[Recorded data]
═══

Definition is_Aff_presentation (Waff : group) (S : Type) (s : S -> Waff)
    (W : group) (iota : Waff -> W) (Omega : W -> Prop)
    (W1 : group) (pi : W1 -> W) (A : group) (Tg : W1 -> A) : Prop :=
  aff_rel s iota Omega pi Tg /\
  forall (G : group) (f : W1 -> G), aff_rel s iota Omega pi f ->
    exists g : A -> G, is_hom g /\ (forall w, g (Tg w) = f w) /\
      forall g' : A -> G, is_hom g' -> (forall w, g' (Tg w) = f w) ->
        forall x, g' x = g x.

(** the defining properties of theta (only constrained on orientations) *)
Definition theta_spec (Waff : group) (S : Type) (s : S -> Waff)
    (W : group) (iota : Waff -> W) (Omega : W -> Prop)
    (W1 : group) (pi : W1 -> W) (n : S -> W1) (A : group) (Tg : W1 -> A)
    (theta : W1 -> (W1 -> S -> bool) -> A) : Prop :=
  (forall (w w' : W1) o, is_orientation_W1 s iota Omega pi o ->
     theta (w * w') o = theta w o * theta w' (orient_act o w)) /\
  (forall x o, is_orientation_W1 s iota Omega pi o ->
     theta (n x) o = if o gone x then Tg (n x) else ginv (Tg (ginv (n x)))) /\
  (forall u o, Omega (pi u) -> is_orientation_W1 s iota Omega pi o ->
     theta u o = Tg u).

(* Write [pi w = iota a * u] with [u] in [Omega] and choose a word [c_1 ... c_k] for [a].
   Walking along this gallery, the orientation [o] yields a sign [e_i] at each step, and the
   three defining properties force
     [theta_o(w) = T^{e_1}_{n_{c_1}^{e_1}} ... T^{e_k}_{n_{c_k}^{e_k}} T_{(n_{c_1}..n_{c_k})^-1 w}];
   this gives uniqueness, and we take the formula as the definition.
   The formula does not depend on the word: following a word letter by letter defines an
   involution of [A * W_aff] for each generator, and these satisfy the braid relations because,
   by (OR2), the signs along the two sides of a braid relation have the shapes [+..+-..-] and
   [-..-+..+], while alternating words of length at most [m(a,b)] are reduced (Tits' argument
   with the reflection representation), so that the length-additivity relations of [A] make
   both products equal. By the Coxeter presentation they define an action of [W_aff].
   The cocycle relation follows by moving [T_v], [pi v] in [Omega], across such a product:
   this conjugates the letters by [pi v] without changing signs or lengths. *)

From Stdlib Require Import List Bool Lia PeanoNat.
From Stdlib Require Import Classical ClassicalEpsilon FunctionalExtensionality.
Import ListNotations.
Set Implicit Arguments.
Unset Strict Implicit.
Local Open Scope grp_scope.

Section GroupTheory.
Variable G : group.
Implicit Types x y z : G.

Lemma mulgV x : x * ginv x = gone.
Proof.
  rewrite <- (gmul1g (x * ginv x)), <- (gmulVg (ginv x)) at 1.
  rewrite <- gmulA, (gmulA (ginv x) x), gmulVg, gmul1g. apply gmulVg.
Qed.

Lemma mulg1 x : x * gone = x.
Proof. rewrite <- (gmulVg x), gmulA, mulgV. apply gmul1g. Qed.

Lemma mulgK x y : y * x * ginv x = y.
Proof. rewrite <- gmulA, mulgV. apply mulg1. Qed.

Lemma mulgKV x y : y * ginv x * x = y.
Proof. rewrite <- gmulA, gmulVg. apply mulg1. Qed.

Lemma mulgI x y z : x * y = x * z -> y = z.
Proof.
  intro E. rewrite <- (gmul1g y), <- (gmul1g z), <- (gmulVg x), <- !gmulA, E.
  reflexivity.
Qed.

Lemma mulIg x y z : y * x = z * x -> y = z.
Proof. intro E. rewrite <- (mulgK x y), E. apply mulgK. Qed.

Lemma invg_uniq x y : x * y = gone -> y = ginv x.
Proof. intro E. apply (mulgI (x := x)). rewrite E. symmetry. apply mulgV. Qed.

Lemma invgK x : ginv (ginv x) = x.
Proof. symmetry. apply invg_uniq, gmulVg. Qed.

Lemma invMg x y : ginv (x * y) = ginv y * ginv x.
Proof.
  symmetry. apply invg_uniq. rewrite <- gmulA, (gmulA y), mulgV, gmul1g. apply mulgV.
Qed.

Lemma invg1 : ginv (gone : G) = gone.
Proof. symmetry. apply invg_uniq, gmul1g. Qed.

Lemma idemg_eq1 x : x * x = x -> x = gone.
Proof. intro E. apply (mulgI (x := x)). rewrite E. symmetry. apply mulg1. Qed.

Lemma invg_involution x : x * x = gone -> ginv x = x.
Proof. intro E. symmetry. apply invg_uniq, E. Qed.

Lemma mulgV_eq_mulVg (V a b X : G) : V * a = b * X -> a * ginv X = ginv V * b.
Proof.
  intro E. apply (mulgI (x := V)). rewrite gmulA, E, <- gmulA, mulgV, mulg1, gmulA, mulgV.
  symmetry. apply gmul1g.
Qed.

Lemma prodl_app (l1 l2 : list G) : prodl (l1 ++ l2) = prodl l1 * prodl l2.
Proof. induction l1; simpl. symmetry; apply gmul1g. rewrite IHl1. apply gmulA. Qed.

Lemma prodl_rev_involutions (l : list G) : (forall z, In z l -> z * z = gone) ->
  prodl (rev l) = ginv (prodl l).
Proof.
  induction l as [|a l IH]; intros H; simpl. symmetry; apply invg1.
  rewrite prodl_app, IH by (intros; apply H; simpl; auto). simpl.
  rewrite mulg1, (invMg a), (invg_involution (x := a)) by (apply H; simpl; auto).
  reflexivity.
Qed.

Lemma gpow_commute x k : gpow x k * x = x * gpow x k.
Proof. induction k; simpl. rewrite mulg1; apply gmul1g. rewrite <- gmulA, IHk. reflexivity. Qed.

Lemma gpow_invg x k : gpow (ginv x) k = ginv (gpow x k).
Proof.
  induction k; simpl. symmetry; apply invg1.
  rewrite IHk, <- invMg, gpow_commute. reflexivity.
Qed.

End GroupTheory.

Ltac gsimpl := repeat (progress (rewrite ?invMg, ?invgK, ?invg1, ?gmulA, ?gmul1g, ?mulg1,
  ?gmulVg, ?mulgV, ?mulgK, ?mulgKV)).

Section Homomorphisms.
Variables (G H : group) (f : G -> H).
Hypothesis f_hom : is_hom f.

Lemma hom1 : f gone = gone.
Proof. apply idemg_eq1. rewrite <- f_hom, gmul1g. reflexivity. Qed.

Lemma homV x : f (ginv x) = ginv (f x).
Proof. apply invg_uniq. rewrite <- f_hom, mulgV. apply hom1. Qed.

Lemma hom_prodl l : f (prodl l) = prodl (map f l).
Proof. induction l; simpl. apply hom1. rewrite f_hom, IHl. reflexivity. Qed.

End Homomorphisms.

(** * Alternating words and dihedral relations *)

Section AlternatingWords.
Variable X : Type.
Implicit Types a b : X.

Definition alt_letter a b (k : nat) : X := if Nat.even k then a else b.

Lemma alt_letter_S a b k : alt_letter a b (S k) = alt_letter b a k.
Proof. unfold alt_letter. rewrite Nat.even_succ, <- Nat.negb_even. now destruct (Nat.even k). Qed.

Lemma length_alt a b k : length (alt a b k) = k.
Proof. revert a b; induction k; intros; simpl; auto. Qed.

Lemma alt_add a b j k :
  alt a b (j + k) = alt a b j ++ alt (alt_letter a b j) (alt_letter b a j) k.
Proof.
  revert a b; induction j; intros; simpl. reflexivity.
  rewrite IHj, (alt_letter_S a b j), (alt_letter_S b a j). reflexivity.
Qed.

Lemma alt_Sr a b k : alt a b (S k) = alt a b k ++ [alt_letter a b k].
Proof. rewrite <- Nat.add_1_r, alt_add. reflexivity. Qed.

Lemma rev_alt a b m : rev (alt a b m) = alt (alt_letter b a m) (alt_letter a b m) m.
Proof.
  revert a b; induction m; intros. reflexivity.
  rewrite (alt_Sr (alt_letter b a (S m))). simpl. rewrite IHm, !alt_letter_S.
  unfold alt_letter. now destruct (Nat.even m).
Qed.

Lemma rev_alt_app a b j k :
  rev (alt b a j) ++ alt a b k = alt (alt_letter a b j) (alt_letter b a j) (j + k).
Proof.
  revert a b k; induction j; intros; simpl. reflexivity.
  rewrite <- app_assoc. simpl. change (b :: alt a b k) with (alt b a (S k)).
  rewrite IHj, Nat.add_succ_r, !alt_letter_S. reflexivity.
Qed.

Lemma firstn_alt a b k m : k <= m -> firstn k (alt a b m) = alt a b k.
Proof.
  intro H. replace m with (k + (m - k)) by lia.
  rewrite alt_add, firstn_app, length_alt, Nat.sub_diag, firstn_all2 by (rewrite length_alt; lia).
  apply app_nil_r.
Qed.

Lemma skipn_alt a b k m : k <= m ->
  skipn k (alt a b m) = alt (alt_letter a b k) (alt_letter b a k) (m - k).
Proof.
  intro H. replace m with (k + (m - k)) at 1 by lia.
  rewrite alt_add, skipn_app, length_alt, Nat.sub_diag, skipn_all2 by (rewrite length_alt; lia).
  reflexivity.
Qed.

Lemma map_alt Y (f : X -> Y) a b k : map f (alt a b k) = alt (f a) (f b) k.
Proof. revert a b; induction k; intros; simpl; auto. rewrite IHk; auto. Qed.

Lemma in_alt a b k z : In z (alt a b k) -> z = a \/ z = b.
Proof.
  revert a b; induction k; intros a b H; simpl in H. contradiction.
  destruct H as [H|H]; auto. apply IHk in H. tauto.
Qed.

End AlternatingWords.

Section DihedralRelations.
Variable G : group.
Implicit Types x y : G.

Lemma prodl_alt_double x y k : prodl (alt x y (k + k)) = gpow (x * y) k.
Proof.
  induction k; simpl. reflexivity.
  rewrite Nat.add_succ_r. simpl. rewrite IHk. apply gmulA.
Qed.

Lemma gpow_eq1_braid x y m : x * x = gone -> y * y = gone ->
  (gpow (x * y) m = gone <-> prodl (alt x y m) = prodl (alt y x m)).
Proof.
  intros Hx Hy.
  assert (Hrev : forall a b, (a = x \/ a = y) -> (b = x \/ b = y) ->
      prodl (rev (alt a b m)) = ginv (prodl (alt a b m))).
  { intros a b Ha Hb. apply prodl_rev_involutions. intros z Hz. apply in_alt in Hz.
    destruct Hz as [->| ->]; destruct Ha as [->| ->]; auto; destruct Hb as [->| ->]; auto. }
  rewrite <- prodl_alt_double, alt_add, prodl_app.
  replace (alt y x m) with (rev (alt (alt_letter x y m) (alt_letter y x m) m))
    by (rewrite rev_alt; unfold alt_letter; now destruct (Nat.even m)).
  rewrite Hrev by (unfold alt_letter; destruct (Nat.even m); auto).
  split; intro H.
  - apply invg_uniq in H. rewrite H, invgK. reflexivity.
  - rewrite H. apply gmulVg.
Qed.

═══

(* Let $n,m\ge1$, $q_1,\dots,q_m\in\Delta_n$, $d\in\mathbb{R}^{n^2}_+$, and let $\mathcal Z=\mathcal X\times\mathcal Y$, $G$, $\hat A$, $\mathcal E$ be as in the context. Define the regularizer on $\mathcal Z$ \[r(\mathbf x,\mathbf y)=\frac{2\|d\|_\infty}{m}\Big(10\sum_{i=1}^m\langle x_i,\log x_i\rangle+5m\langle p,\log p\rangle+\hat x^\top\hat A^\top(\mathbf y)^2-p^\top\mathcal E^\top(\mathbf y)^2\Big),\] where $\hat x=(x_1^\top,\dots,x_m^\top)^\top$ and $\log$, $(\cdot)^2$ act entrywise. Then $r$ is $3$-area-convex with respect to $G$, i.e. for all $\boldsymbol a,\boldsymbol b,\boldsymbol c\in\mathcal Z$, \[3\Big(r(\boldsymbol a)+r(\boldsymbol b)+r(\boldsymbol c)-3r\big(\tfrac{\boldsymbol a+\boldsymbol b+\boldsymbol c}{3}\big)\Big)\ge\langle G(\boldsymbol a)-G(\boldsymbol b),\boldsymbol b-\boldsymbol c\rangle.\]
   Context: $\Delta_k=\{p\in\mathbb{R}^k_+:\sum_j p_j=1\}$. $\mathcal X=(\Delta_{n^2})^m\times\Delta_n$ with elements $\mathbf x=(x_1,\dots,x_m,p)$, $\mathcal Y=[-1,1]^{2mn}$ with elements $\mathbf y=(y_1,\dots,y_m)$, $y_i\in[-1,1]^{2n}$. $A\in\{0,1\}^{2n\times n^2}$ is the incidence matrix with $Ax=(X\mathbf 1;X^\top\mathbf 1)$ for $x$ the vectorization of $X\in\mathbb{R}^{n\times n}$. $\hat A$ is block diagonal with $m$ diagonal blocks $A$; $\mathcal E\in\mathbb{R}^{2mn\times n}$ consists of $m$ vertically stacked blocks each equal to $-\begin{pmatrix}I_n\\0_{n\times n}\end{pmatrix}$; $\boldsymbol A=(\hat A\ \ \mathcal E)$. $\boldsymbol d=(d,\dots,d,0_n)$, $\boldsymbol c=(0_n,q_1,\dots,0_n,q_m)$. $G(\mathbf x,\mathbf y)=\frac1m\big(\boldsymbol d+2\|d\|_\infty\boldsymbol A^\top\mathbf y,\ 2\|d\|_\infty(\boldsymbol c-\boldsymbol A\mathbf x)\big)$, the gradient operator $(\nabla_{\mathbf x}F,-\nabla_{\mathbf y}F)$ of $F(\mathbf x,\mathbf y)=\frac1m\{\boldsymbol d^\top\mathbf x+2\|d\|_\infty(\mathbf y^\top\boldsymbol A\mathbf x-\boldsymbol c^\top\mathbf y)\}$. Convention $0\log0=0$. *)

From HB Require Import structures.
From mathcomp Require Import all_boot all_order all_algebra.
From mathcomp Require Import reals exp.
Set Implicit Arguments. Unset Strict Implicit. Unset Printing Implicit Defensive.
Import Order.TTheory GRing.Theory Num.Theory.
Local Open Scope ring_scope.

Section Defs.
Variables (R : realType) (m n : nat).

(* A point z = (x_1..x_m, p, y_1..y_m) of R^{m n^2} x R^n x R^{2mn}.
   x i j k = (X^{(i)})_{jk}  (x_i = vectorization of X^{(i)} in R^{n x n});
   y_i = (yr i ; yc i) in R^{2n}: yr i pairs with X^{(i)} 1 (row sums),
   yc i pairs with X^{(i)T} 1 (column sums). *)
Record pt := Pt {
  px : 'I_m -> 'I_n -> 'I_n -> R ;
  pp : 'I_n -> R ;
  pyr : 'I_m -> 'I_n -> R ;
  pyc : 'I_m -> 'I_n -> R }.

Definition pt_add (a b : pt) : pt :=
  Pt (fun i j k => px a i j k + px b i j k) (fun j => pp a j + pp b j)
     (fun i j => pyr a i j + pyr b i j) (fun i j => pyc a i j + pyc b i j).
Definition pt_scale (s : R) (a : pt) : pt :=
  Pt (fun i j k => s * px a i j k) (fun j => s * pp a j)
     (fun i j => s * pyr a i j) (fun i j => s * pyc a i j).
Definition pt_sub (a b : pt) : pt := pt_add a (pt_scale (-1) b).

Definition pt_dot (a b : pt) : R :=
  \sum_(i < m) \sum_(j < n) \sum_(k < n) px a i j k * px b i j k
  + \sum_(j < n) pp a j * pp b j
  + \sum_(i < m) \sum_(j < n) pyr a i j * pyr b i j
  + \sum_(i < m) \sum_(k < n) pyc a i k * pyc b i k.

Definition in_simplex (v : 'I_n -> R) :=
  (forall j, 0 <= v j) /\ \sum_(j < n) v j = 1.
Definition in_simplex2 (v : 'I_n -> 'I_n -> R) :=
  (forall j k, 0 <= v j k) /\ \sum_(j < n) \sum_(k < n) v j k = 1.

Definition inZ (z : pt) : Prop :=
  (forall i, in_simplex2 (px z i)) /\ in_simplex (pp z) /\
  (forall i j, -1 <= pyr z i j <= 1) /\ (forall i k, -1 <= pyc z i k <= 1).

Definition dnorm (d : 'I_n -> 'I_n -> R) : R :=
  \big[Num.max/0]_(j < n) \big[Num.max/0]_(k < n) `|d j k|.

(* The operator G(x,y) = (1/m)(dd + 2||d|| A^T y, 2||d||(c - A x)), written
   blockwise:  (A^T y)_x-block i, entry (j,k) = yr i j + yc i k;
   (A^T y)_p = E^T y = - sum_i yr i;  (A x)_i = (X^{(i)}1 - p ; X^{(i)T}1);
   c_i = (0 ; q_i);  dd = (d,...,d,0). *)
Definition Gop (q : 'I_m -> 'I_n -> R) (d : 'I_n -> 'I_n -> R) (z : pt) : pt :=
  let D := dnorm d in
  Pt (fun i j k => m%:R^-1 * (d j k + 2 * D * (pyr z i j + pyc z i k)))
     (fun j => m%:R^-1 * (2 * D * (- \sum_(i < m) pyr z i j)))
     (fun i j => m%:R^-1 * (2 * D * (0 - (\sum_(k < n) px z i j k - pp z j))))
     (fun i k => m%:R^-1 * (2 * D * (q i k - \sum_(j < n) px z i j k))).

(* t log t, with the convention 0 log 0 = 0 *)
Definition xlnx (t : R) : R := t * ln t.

═══

-- ASSIGNED TASK --
Set down, unchanged, only those lines above that fall between the line with "Pt (fun i j k => px" and the line with "(fun i j => s * pyr", the two end lines included.

-- SOLUTION --
  Pt (fun i j k => px a i j k + px b i j k) (fun j => pp a j + pp b j)
     (fun i j => pyr a i j + pyr b i j) (fun i j => pyc a i j + pyc b i j).
Definition pt_scale (s : R) (a : pt) : pt :=
  Pt (fun i j k => s * px a i j k) (fun j => s * pp a j)
     (fun i j => s * pyr a i j) (fun i j => s * pyc a i j).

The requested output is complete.